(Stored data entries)
(* Let $\mathcal{C}=D^{E}\cup A\cup B$ with $D^E=\{0_20_2\rhd\to0_2\rhd,\ 1_20_2\rhd\to1_2\rhd,\ 1_2\rhd\to2_30_2\rhd\}$ and $\mathcal{T}=D^O\cup A\cup B$ with $D^O=\{0_2\rhd\to\rhd,\ 0_21_2\rhd\to1_30_2\rhd,\ 1_21_2\rhd\to2_31_2\rhd\}$. Then: (1) $\mathcal{C}\setminus\{0_20_2\rhd\to0_2\rhd\}$ is terminating iff every nonconvergent Collatz trajectory contains some $n\equiv0\pmod4$; (2) $\mathcal{C}\setminus\{1_20_2\rhd\to1_2\rhd\}$ is terminating iff every nonconvergent Collatz trajectory contains some $n\equiv2\pmod4$; (3) $\mathcal{T}\setminus\{0_21_2\rhd\to1_30_2\rhd\}$ is terminating iff every nonconvergent Collatz trajectory contains some $n\equiv1\pmod4$; (4) $\mathcal{T}\setminus\{1_21_2\rhd\to2_31_2\rhd\}$ is terminating iff every nonconvergent Collatz trajectory contains some $n\equiv3\pmod4$.
   Context: $C:\mathbb{N}^+\to\mathbb{N}^+$ is the Collatz function $C(n)=n/2$ ($n$ even), $3n+1$ ($n$ odd); the Collatz trajectory of $n$ is $(n,C(n),C^2(n),\dots)$ and is nonconvergent if it does not contain $1$. An SRS induces $u\ell v\to urv$; terminating means no infinite rewrite sequence. Alphabet $\{0_2,1_2,0_3,1_3,2_3,\lhd,\rhd\}$; $A=\{0_20_3\to0_30_2,\ 0_21_3\to0_31_2,\ 0_22_3\to1_30_2,\ 1_20_3\to1_31_2,\ 1_21_3\to2_30_2,\ 1_22_3\to2_31_2\}$; $B=\{\lhd0_3\to\lhd1_2,\ \lhd1_3\to\lhd0_20_2,\ \lhd2_3\to\lhd0_21_2\}$. *)

From Stdlib Require Import List Arith PeanoNat.
Import ListNotations.

(** Collatz function on positive naturals (we work in nat; only n >= 1 is used). *)
Definition collatz (n : nat) : nat :=
  if Nat.even n then n / 2 else 3 * n + 1.

Definition traj (n k : nat) : nat := Nat.iter k collatz n.

Definition nonconvergent (n : nat) : Prop := forall k, traj n k <> 1.

Definition every_nonconv_hits (r : nat) : Prop :=
  forall n, 1 <= n -> nonconvergent n -> exists k, traj n k mod 4 = r.

(** Alphabet {0_2,1_2,0_3,1_3,2_3,<|,|>}. *)
Inductive sym : Type := z2 | o2 | z3 | o3 | t3 | lhd | rhd.

Definition sym_eq_dec : forall a b : sym, {a = b} + {a <> b}.
Proof. decide equality. Defined.

Definition word := list sym.
Definition rule := (word * word)%type.
Definition srs := list rule.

[WHAT IS NEEDED]: Looking back over the data above, restate word for word the lines that begin at the line with "Definition traj (n" and end at the line with "Inductive sym : Type", inclusive.

[RESPONSE AREA]:
Definition traj (n k : nat) : nat := Nat.iter k collatz n.

Definition nonconvergent (n : nat) : Prop := forall k, traj n k <> 1.

Definition every_nonconv_hits (r : nat) : Prop :=
  forall n, 1 <= n -> nonconvergent n -> exists k, traj n k mod 4 = r.

(** Alphabet {0_2,1_2,0_3,1_3,2_3,<|,|>}. *)
Inductive sym : Type := z2 | o2 | z3 | o3 | t3 | lhd | rhd.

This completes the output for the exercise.